I think you took 130 V across R1120 while it is about 128.4 V, this gives 0.21 mA less via R1120 and 0.21 mA more via R1159.
Together this yields 0.27 mA less via R1159 or 4.7 V lower output voltage. Then our results are the same.

Albert

---In TekScopes@..., <davidwhess@...> wrote :

On 24 Jan 2016 11:46:17 -0800, you wrote:

>Hi David,
>>With no input at Q1107, I calculate a 21 volt output at R1157 which agrees with your measurement and should blank the beam.
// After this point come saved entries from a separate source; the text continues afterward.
(* a weak component is a converging tree: exactly one vertex (the root) of
   outdegree 0, all other vertices of outdegree 1 (it is weakly connected by
   construction). *)
Definition converging_tree_comp (F : {set 'I_n * 'I_n}) (S : {set 'I_n}) : bool :=
  [exists r in S, (outdeg F r == 0%N) &&
     [forall v in S, (v != r) ==> (outdeg F v == 1%N)]].

Definition in_forest (F : {set 'I_n * 'I_n}) : bool :=
  [forall a in F, is_arc a] && [forall x, converging_tree_comp F (wcomp F x)].

Definition in_tree_rooted (F : {set 'I_n * 'I_n}) (i j : 'I_n) : bool :=
  weakly_conn F i j && (outdeg F j == 0%N).

Definition sg_weight (F : {set 'I_n * 'I_n}) : C := \prod_(a in F) W a.1 a.2.

Definition Qk (k : nat) : 'M[C]_n :=
  \matrix_(i, j) \sum_(F : {set 'I_n * 'I_n} | in_forest F && (#|F| == k)
                                             && in_tree_rooted F i j) sg_weight F.

(* Q(tau) = sum_k Q_k tau^k; Q_k = 0 for k > n*n since a subgraph has at most
   n*n arcs, so this finite sum is the whole sum. *)
Definition Qtau (tau : C) : 'M[C]_n := \sum_(k < (n * n).+1) tau ^+ k *: Qk k.

End Forests.

From HB Require Import structures.
From mathcomp Require Import all_boot all_order all_algebra ring.
Set Implicit Arguments. Unset Strict Implicit. Unset Printing Implicit Defensive.
Import Order.TTheory GRing.Theory Num.Theory.
Local Open Scope ring_scope.

(* An in-forest is encoded by the map p sending every vertex to the head of its
   out-arc and every root to itself; the maps arising this way are those whose
   orbits all end in a fixed point ([acyclic]), and [sink p v] is then the root
   of the tree of v.  Let q_ij be the weight of the forests in which i lies in
   the tree rooted at j, and c the weight of all forests.  Then
   q_ij + sum_m w_im (q_ij - q_mj) = [i = j] c, i.e. (I + L) Q = c I: grafting
   the root i onto a vertex m outside its tree turns the forests in which i is
   a root into those in which it is not, and on the latter the sum over m is
   antisymmetric under exchanging m with the head of the arc leaving i.
   Scaling the weights by tau gives Q(tau) + tau L Q(tau) = c(tau) I.  For
   tau = -1/lambda a left eigenvector of L for lambda annihilates the left-hand
   side, so c(tau) = 0 and L Q(tau) = lambda Q(tau). *)

Section RootedMaps.
Variable n : nat.
Implicit Types (p : {ffun 'I_n -> 'I_n}) (i m v : 'I_n).

Definition sink p v := iter n p v.
Definition terminates p v := p (sink p v) == sink p v.
Definition acyclic p := [forall v, terminates p v].

Definition redirect p i m : {ffun 'I_n -> 'I_n} :=
  [ffun v => if v == i then m else p v].

Lemma iter_fixed p v k : p v = v -> iter k p v = v.
Proof. by move=> pv; elim: k => //= k ->. Qed.

Lemma sink_id p v : p v = v -> sink p v = v.
Proof. exact: iter_fixed. Qed.

Lemma terminatesP p v :
  reflect (exists k, p (iter k p v) = iter k p v) (terminates p v).
Proof.
apply: (iffP eqP) => [|[k fixk]]; first by exists n.
have vk := fconnect_iter p k v.
have first_k := iter_findex vk.
(* the orbit of v meets its fixed point within [order p v <= n] steps *)
have le_n : (findex p v (iter k p v) <= n)%N.
  apply/ltnW/(leq_trans (findex_max vk)).
  by apply: leq_trans (max_card _) _; rewrite card_ord.
set d := findex p v _ in first_k le_n.
have -> : sink p v = iter (n - d) p (iter d p v) by rewrite -iterD subnK.
by rewrite first_k iter_fixed.
Qed.

Lemma terminates_step p v : terminates p (p v) = terminates p v.
Proof.
apply/terminatesP/terminatesP => [[k fixk]|[k fixk]].
  by exists k.+1; rewrite iterSr.
by exists k; rewrite -iterSr iterS fixk.
Qed.

Lemma sink_fixed p v : acyclic p -> p (sink p v) = sink p v.
Proof. by move/forallP/(_ v)/eqP. Qed.

Lemma sink_step p v : acyclic p -> sink p (p v) = sink p v.
Proof. by move=> acyc; rewrite /sink -iterSr iterS sink_fixed. Qed.

Lemma acyclic_ind p (P : 'I_n -> Prop) : acyclic p ->
  (forall v, (p v != v -> P (p v)) -> P v) -> forall v, P v.
Proof.
move=> /forallP acyc IH v; have /terminatesP[k] := acyc v.
elim: k v => [|k IHk] v fixk; apply: IH => moved.
  by rewrite fixk eqxx in moved.
by apply: IHk; rewrite -iterSr.
Qed.

Lemma redirectE p i m v : redirect p i m v = if v == i then m else p v.
Proof. by rewrite ffunE. Qed.

Lemma redirect_at p i m : redirect p i m i = m.
Proof. by rewrite redirectE eqxx. Qed.

Lemma redirect_other p i m v : v != i -> redirect p i m v = p v.
Proof. by rewrite redirectE => /negPf->. Qed.

Lemma redirect_redirect p i m m' : redirect (redirect p i m) i m' = redirect p i m'.
Proof. by apply/ffunP => v; rewrite !redirectE; case: eqP. Qed.

Lemma redirect_id p i : redirect p i (p i) = p.
Proof. by apply/ffunP => v; rewrite redirectE; case: eqP => // ->. Qed.
Theorem mainTheorem5 (k : nat) (H : mgraph) :
  1 <= k -> connected_graph H -> regular H k -> edge_colorable H k ->
  exists (G : mgraph) (u : vert G),
    [/\ simple_graph G, connected_graph G, regular G k, edge_colorable G k &
    forall (x : vert H) (sigma : edge G -> edge H),
      {in inc_edges u &, injective sigma} ->
      sigma @: inc_edges u = inc_edges x ->
      exists (fV : vert G -> vert H) (fE : edge G -> edge H),
        [/\ covering fV fE, fV u = x &
            {in inc_edges u, forall e, fE e = sigma e}]].
Proof.
move=> k_gt0 _ H_reg [c c_proper].
have walkK := walk_stepK H_reg c_proper.
exists (walk_graph c), (walk_root c); split.
- exact: inv_graph_simple.
- exact: inv_graph_connected.
- exact: inv_graph_regular.
- exact: inv_graph_colorable.
move=> x sigma sigma_inj sigma_onto.
pose e0 := sigma (edge_at (walk_root c) (Ordinal k_gt0)).
exists (cov_vert (eval_at x sigma)), (cov_edge c (relabel sigma) (eval_at x sigma) e0); split.
- apply: covering_inv_graph => //; last exact: eval_at_step.
  exact: (relabel_inj H_reg c_proper sigma_inj sigma_onto).
- exact: cov_vert_root.
- exact: (cov_edge_root H_reg c_proper sigma_onto e0).
Qed.
Lemma gram_top_eigenpair m n (M : 'M[R]_(m, n)) : M != 0 ->
  exists lam, exists2 v : 'cV[R]_n,
    [/\ 0 < lam, sqnorm v = 1 & M^T *m M *m v = lam *: v] &
    forall a, eigenvalue (M^T *m M) a -> a <= lam.
Proof.
move=> M_neq0; set N := M^T *m M.
have [a0 a0_neq0 a0_eig] : exists2 a, a != 0 & eigenvalue N a.
  apply: symmetric_nonzero_eigenvalue (gram_sym M) _.
  by apply: contra M_neq0 => /eqP/gram_eq0 ->.
have charN_neq0 : char_poly N != 0 by rewrite monic_neq0 ?char_poly_monic.
have eigE a : eigenvalue N a = (a \in rootsR (char_poly N)).
  by rewrite eigenvalue_root_char -(roots_on_rootsR charN_neq0).
set lam := \big[Num.max/a0]_(a <- rootsR (char_poly N)) a.
have lam_max a : eigenvalue N a -> a <= lam.
  by rewrite eigE => a_root; apply: le_bigmax_seq.
have lam_eig : eigenvalue N lam.
  rewrite /lam big_seq; apply: (big_ind (fun a => eigenvalue N a)) => //.
    by move=> a b a_eig b_eig; rewrite maxEle; case: ifP.
  by move=> a; rewrite eigE.
have lam_gt0 : 0 < lam.
  apply: lt_le_trans (bigmax_ge_id _ _ _ _).
  by rewrite lt_def a0_neq0 (gram_eigenvalue_ge0 a0_eig).
have [v v1 Nv] := symmetric_eigenvector (gram_sym M) lam_eig.
by exists lam => //; exists v.
Qed.

Lemma top_singular_pair m n (M : 'M[R]_(m, n)) : M != 0 ->
  exists s (u : 'cV[R]_m) (v : 'cV[R]_n),
    [/\ 0 < s, sqnorm u = 1 /\ sqnorm v = 1, M *m v = s *: u, M^T *m u = s *: v &
        forall a, eigenvalue (M^T *m M) a -> a <= s ^+ 2].
Proof.
move=> /gram_top_eigenpair [lam [v [lam_gt0 v1 MMv] lam_max]].
set s := Num.sqrt lam; have s_gt0 : 0 < s by rewrite sqrtr_gt0.
have s2 : s ^+ 2 = lam by rewrite sqr_sqrtr // ltW.
exists s, (s^-1 *: (M *m v)), v; split; rewrite ?s2 //.
- rewrite sqnormZ sqnormE dotc_mulmxr mulmxA MMv dotcC dotcZr -sqnormE v1 mulr1.
  by rewrite exprVn s2 mulVf ?gt_eqF.
- by rewrite scalerA mulfV ?gt_eqF // scale1r.
- by rewrite -scalemxAr mulmxA MMv scalerA -s2 expr2 mulKf ?gt_eqF.
Qed.

End SymmetricEigen.

Section SVD.
Variable R : rcfType.

Definition is_svd m n r (M : 'M[R]_(m, n)) (U : 'M[R]_(m, r)) (V : 'M[R]_(n, r))
    (d : nat -> R) : Prop :=
  [/\ orthonormal_cols U, orthonormal_cols V,
      (forall i j, (i <= j < r)%N -> d j <= d i),
      (forall i, (i < r)%N -> 0 <= d i) &
      M = U *m diagr r d *m V^T].
#[global] Arguments is_svd {m n} r M U V d.

Lemma is_svd0 m n r : (r <= m)%N -> (r <= n)%N ->
  is_svd r (0 : 'M[R]_(m, n)) (pid_mx r) (pid_mx r) (fun=> 0).
Proof.
move=> le_rm le_rn; split => //; try exact: orthonormal_cols_pid_mx.
suff -> : diagr r (fun=> 0 : R) = 0 by rewrite mulmx0 mul0mx.
by apply/matrixP => i j; rewrite !mxE mul0rn.
Qed.

Lemma svd_mul_tr m n r (A : 'M[R]_(m, n)) U V d : is_svd r A U V d ->
  A *m A^T = U *m diagr r (fun k => d k ^+ 2) *m U^T.
Proof.
case=> _ V_o _ _ ->; rewrite !trmx_mul trmxK tr_diagr -!mulmxA (mulmxA V^T) V_o.
rewrite mul1mx !mulmxA -(mulmxA U) mulmx_diag.
by congr (_ *m diag_mx _ *m _); apply/rowP => k; rewrite !mxE expr2.
Qed.

Lemma eigenvalue_gram_diag m n r (M : 'M[R]_(m, n)) U V (d : nat -> R) (i : 'I_r) :
  orthonormal_cols U -> orthonormal_cols V -> M = U *m diagr r d *m V^T ->
  eigenvalue (M^T *m M) (d i ^+ 2).
Proof.
move=> U_o V_o ->; set x := V *m (delta_mx i 0 : 'cV[R]_r).
apply: (symmetric_eigenvalue (gram_sym _) (x := x)).
  rewrite -sqnorm_eq0 sqnorm_orthonormal // sqnormE /dotc.
  by rewrite trmx_delta mul_delta_mx !mxE !eqxx oner_eq0.
rewrite !trmx_mul trmxK tr_diagr -!mulmxA (mulmxA U^T) U_o mul1mx.
rewrite (mulmxA V^T) V_o mul1mx (diagr_delta d i) -scalemxAr (diagr_delta d i).
by rewrite scalerA -expr2 scalemxAr.
Qed.
Lemma card_group x : #|[set y | group_of x == group_of y]| = 2.
Proof.
rewrite (card_set_count points_uniq mem_points).
exact/eqP/(all_points groups_of_size_two).
Qed.

Lemma card_groups : #|groups| = 10.
Proof.
have := card_fibres card_group; rewrite card_ord -[20]/(10 * 2) => /eqP.
by rewrite eqn_mul2r => /eqP.
Qed.

Lemma block_set_blocks B :
  B \in block_set -> #|B| = 4 /\ forall g, g \in groups -> #|B :&: g| <= 1.
Proof.
case/set_of_seqsP => b b_blocks ->.
have /andP[/eqP size_b group_b] := allP blocks_transversal b b_blocks.
split; first by rewrite cardsE (card_uniqP (map_uniq group_b)).
by apply/meet_fibres_le1P => x y; rewrite !inE; apply: uniq_map_inj_in group_b x y.
Qed.

Lemma block_set_triples (S : {set 'I_20}) :
    #|S| = 3 -> (forall g, g \in groups -> #|S :&: g| <= 1) ->
  exists! B, B \in block_set /\ S \subset B.
Proof.
move=> card_S /meet_fibres_le1P group_inj; apply: unique_block_of_count.
have group_S : uniq (map group_of (enum S)).
  by rewrite map_inj_in_uniq ?enum_uniq // => x y; rewrite !mem_enum; apply: group_inj.
move: card_S group_S; rewrite cardE; case: (enum S) => [|a [|b [|c []]]] // _ group_abc.
have := all_points (all_points (all_points transversal_triples_covered_once a) b) c.
by rewrite group_abc => /eqP.
Qed.

Lemma derived_points_groups x :
  derived_points groups x = [set:: [seq y <- points | group_of y != group_of x]].
Proof.
apply/setP => y; rewrite /derived_points pblock_fibres !inE andbT.
by rewrite mem_filter mem_points andbT eq_sym.
Qed.

Lemma derived_blocks_block_set x :
  derived_blocks block_set x = set_of_seqs (derived_seqs x).
Proof.
by rewrite /derived_seqs (set_of_seqs_canon mem_points) derived_blocks_set_of_seqs.
Qed.

Lemma derived_resolvable x :
  resolvable (derived_points groups x) (derived_blocks block_set x).
Proof.
have /and4P[ds_uniq cs_ds cs_nil /allP cs_ys] := all_points resolution_valid x.
rewrite derived_points_groups derived_blocks_block_set.
apply: (@resolvable_set_of_seqs _ _ (resolution x) ds_uniq _ cs_ds cs_nil _ _ cs_ys).
  move=> t1 t2; rewrite /derived_seqs => /mapP[s1 _ ->] /mapP[s2 _ ->].
  exact: (set_seq_canon_inj mem_points).
by rewrite filter_uniq ?points_uniq.
Qed.

Theorem lemma3p7 :
  exists G A : {set {set 'I_20}}, RDGDD_3_4 2 10 G A.
Proof.
exists groups, block_set; split; last exact: derived_resolvable.
split; first by rewrite card_ord.
split; first exact: preim_partitionP.
split; first exact: card_groups.
split; first by move=> g /fibreP[x ->]; exact: card_group.
split; [exact: block_set_blocks | exact: block_set_triples].
Qed.
(* Let $c\ge2$ and let $F$ be a standard $c$-coloring. Let $X\in\mathcal X_F$ and let $c_1$ be the color of the monochromatic clique $F[X]$. Then for every $y\in V(F)\setminus X$ there exists at most one edge $e_0\in y\ast X$ with $F(e_0)=c_1$, and there is a color $c_2\neq c_1$ such that $F(e)=c_2$ for all $e\in (y\ast X)\setminus\{e_0\}$ (where $\{e_0\}$ is empty if no such edge exists).
   Context: A $c$-coloring $F$ is a map from the $2$-subsets of a finite set $V(F)$ to $[c]$. $F$ is standard if it contains no induced copy of any coloring in $\hat K_{3,1}$ or $\hat K_{3,3}$, where: $\hat K_{3,1}$ is the family of $4$-vertex colorings consisting of a monochromatic triangle of color $a$ plus a vertex joined to it by either (two edges of color $a$ and one of color $b\ne a$), or (three edges of three distinct colors, one being $a$), or (two edges of color $b$ and one of color $d$, with $a,b,d$ distinct); $\hat K_{3,3}$ is the family of $6$-vertex colorings consisting of two disjoint triangles monochromatic in colors $a$ and $b$ with all nine edges between them of color $d$, $a,b,d$ distinct. $\mathcal X_F$ is the set of all inclusion-maximal vertex sets $X$ of size at least $\max(c+1,6)$ such that all pairs inside $X$ have the same color. For disjoint sets $S_1,S_2$, $S_1\ast S_2$ is the set of pairs $\{v_1,v_2\}$ with $v_i\in S_i$, and $y\ast S=\{y\}\ast S$. *)

From mathcomp Require Import all_boot.
Set Implicit Arguments. Unset Strict Implicit. Unset Printing Implicit Defensive.

(* A c-coloring on the finite vertex type V: a map from subsets of V to
   colors 'I_c (colors [c] = {1..c} renumbered as {0..c-1}); only its values
   on 2-subsets [set x; y] (x != y) are meaningful. *)
Definition coloring (V : finType) (c : nat) := {set V} -> 'I_c.

Section Defs.
Variables (V : finType) (c : nat) (F : coloring V c).

Definition col (x y : V) : 'I_c := F [set x; y].

(* Colors (p, q, r) of the three edges from the extra vertex to a
   monochromatic triangle of color a, where r is the "odd one out":
   pattern (i) two edges of color a and one of color b != a, or
   pattern (iii) two of color b and one of color d, a,b,d distinct. *)
Definition K31_pat_odd (a p q r : 'I_c) : bool :=
  [&& p == a, q == a & r != a] ||
  [&& p != a, p == q, r != a & r != p].

Definition K31_pat_rainbow (a p q r : 'I_c) : bool :=
  [&& p != q, q != r, p != r & (a \in [:: p; q; r])].

Definition K31_pat (a p q r : 'I_c) : bool :=
  [|| K31_pat_odd a p q r, K31_pat_odd a q r p, K31_pat_odd a r p q
    | K31_pat_rainbow a p q r].

Definition has_K31 : Prop :=
  exists (t1 t2 t3 v : V) (a : 'I_c),
    uniq [:: t1; t2; t3; v] /\
    col t1 t2 = a /\ col t2 t3 = a /\ col t1 t3 = a /\
    K31_pat a (col v t1) (col v t2) (col v t3).

Definition has_K33 : Prop :=
  exists (u1 u2 u3 w1 w2 w3 : V) (a b d : 'I_c),
    uniq [:: u1; u2; u3; w1; w2; w3] /\
    uniq [:: a; b; d] /\
    col u1 u2 = a /\ col u2 u3 = a /\ col u1 u3 = a /\
    col w1 w2 = b /\ col w2 w3 = b /\ col w1 w3 = b /\
    (forall u w, u \in [:: u1; u2; u3] -> w \in [:: w1; w2; w3] -> col u w = d).

Definition standard : Prop := ~ has_K31 /\ ~ has_K33.

Definition mono (X : {set V}) : Prop :=
  forall x y z w, x \in X -> y \in X -> z \in X -> w \in X ->
    x != y -> z != w -> col x y = col z w.

Definition in_XF (X : {set V}) : Prop :=
  [/\ maxn c.+1 6 <= #|X|, mono X &
      forall Y : {set V}, X \proper Y -> maxn c.+1 6 <= #|Y| -> ~ mono Y].

End Defs.

From mathcomp Require Import all_boot.

(* Let y lie outside the maximal c1-clique X.  Any three vertices of X form a
   c1-triangle, so the colors from y to them must avoid every \hat K_{3,1}
   pattern.  Two c1-edges from y then force all edges from y to X to have color
   c1, and y |: X would be a larger monochromatic set.  Two non-c1 edges of
   different colors force all colors from y to X to be pairwise distinct, which
   is impossible since #|X| > c. *)

Set Implicit Arguments.
Unset Strict Implicit.
Unset Printing Implicit Defensive.

Lemma K31_pat_aaar c (a r : 'I_c) : r != a -> K31_pat a a a r.
Proof. by move=> ra; rewrite /K31_pat /K31_pat_odd eqxx ra. Qed.

Lemma K31_pat_prr c (a p r : 'I_c) :
  p != a -> r != a -> r != p -> K31_pat a p r r.
Proof.
move=> pa ra rp.
by rewrite /K31_pat /K31_pat_odd pa ra rp eqxx /= (eq_sym p r) rp !orbT.
Qed.

Lemma not_K31_pat_third c (a p q r : 'I_c) :
  p != a -> q != a -> p != q -> ~~ K31_pat a p q r -> (r != a) && (r != p).
Proof.
move=> pa qa pq; apply: contraR; rewrite negb_and !negbK => /orP[/eqP->|/eqP->].
  by rewrite /K31_pat /K31_pat_rainbow !inE eqxx pq qa pa !orbT.
by rewrite /K31_pat /K31_pat_odd (eq_sym q p) pq pa qa eqxx !orbT.
Qed.

Lemma exists_neq_ord c (a : 'I_c) : 1 < c -> exists b : 'I_c, b != a.
Proof.
move=> c_gt1; pose b0 := Ordinal (ltnW c_gt1).
have [e|] := eqVneq b0 a; last by exists b0.
by exists (Ordinal c_gt1); rewrite -e; apply/eqP => /(congr1 val).
Qed.

Section Star.

Variables (V : finType) (c : nat) (F : coloring V c).

Lemma colC (u v : V) : col F u v = col F v u.
Proof. by rewrite /col setUC. Qed.

Variables (X : {set V}) (c1 : 'I_c) (y : V).
Hypothesis noK31 : ~ has_K31 F.
Hypothesis colX : forall x x', x \in X -> x' \in X -> x != x' -> col F x x' = c1.
Hypothesis yNX : y \notin X.

Lemma star_not_K31_pat t1 t2 t3 :
  t1 \in X -> t2 \in X -> t3 \in X -> t1 != t2 -> t2 != t3 -> t1 != t3 ->
  ~~ K31_pat c1 (col F y t1) (col F y t2) (col F y t3).
Proof.
move=> t1X t2X t3X t12 t23 t13; apply/negP => pat; apply: noK31.
have neq_y t : t \in X -> t != y by move=> tX; apply: contraNneq yNX => <-.
exists t1, t2, t3, y, c1; split.
  by rewrite /= !inE !negb_or t12 t13 t23 !neq_y.
by do !split => //; apply: colX.
Qed.

Lemma star_two_c1 x x' : x \in X -> x' \in X -> x != x' ->
  col F y x = c1 -> col F y x' = c1 -> forall z, z \in X -> col F y z = c1.
Proof.
move=> xX x'X xx' yx yx' z zX.
have [->//|zx] := eqVneq z x; have [->//|zx'] := eqVneq z x'.
have x'z : x' != z by rewrite eq_sym.
have xz : x != z by rewrite eq_sym.
apply/eqP; apply: contraNT (star_not_K31_pat xX x'X zX xx' x'z xz) => yz.
by rewrite yx yx' K31_pat_aaar.
Qed.

Lemma mono_setU1 : (forall z, z \in X -> col F y z = c1) -> mono F (y |: X).
Proof.
move=> yX.
have colYX s t : s \in y |: X -> t \in y |: X -> s != t -> col F s t = c1.
  move=> /setU1P[->|sX] /setU1P[->|tX] st.
  - by rewrite eqxx in st.
  - exact: yX.
  - by rewrite colC yX.
  - exact: colX.
by move=> u v w z uY vY wY zY uv wz; rewrite !colYX.
Qed.

Lemma star_off_c1 x1 x z : x1 \in X -> x \in X -> z \in X -> z != x1 ->
  col F y x1 != c1 -> col F y x != c1 -> col F y x != col F y x1 ->
  (col F y z != c1) && (col F y z != col F y x1).
Proof.
move=> x1X xX zX zx1 yx1 yx yxx1.
have [->|zx] := eqVneq z x; first by rewrite yx yxx1.
apply: (not_K31_pat_third yx1 yx); first by rewrite eq_sym.
have x1x : x1 != x by apply: contraNneq yxx1 => ->.
by apply: star_not_K31_pat; rewrite // eq_sym.
Qed.

(* Three vertices of X with y-colors p, r, r (p, r and c1 distinct) would give
   pattern (iii) of \hat K_{3,1}. *)
Lemma star_injective x1 x : x1 \in X -> x \in X ->
  col F y x1 != c1 -> col F y x != c1 -> col F y x != col F y x1 ->
  {in X &, injective (col F y)}.
Proof.
move=> x1X xX yx1 yx yxx1 u v uX vX yuv; apply/eqP/negPn/negP => uv.
have off z : z \in X -> z != x1 ->
    (col F y z != c1) && (col F y z != col F y x1).
  by move=> zX zx1; apply: (star_off_c1 x1X xX).
have [ux1|ux1] := eqVneq u x1.
  subst u; rewrite eq_sym in uv.
  by have /andP[_] := off v vX uv; rewrite -yuv eqxx.
have [vx1|vx1] := eqVneq v x1.
  by subst v; have /andP[_] := off u uX ux1; rewrite yuv eqxx.
have /andP[yv1 yvx1] := off v vX vx1.
have := star_not_K31_pat x1X uX vX; rewrite yuv K31_pat_prr //.
by rewrite !(eq_sym x1) ux1 vx1 uv => /(_ isT isT isT).
Qed.

End Star.

Theorem claim5p3 (V : finType) (c : nat) (F : coloring V c) (X : {set V})
    (c1 : 'I_c) :
  2 <= c -> standard F -> in_XF F X ->
  (forall x x', x \in X -> x' \in X -> x != x' -> col F x x' = c1) ->
  forall y, y \notin X ->
    (forall x x', x \in X -> x' \in X ->
        col F y x = c1 -> col F y x' = c1 -> x = x') /\
    (exists c2 : 'I_c, c2 != c1 /\
        forall x, x \in X -> col F y x != c1 -> col F y x = c2).
Proof.
move=> c_gt1 [noK31 _] [X_big _ X_max] colX y yNX.
have X_gt_c : c < #|X| by apply: leq_trans X_big; apply: leq_maxl.
split.
  move=> x x' xX x'X yx yx'; apply/eqP/negPn/negP => xx'.
  apply: (X_max (y |: X)).
  - by apply: properUr; rewrite sub1set.
  - by apply: leq_trans X_big (subset_leq_card (subsetUr _ _)).
  - exact/(mono_setU1 colX)/(star_two_c1 noK31 colX yNX xX x'X xx').
case: (pickP [pred x in X | col F y x != c1]) => [x1 /andP[x1X yx1]|none].
  exists (col F y x1); split => // x xX yx; apply/eqP/negPn/negP => yxx1.
  have inj := star_injective noK31 colX yNX x1X xX yx1 yx yxx1.
  suff : #|X| <= c by rewrite leqNgt X_gt_c.
  by rewrite -(card_in_imset inj); apply: leq_trans (max_card _) _; rewrite card_ord.
have [c2 c2c1] := exists_neq_ord c1 c_gt1.
by exists c2; split => // x xX yx; move: (none x); rewrite /= xX yx.
Qed.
That points to a problem in the DC restorer.
>
>I calculate it at 16 V, never mind.

I did not find a way to get 16 volts but my work can be checked:

With Q1107 disconnected there are three currents into or out of the
base of Q1156:

1. R1141 is -1.7mA
2. R1121 + R1122 is -1.15mA
3. R1120 is +2.3mA

The later two connect at the top of VR1148 but affect the base of
Q1107 the same way except for an offset of 11 volts.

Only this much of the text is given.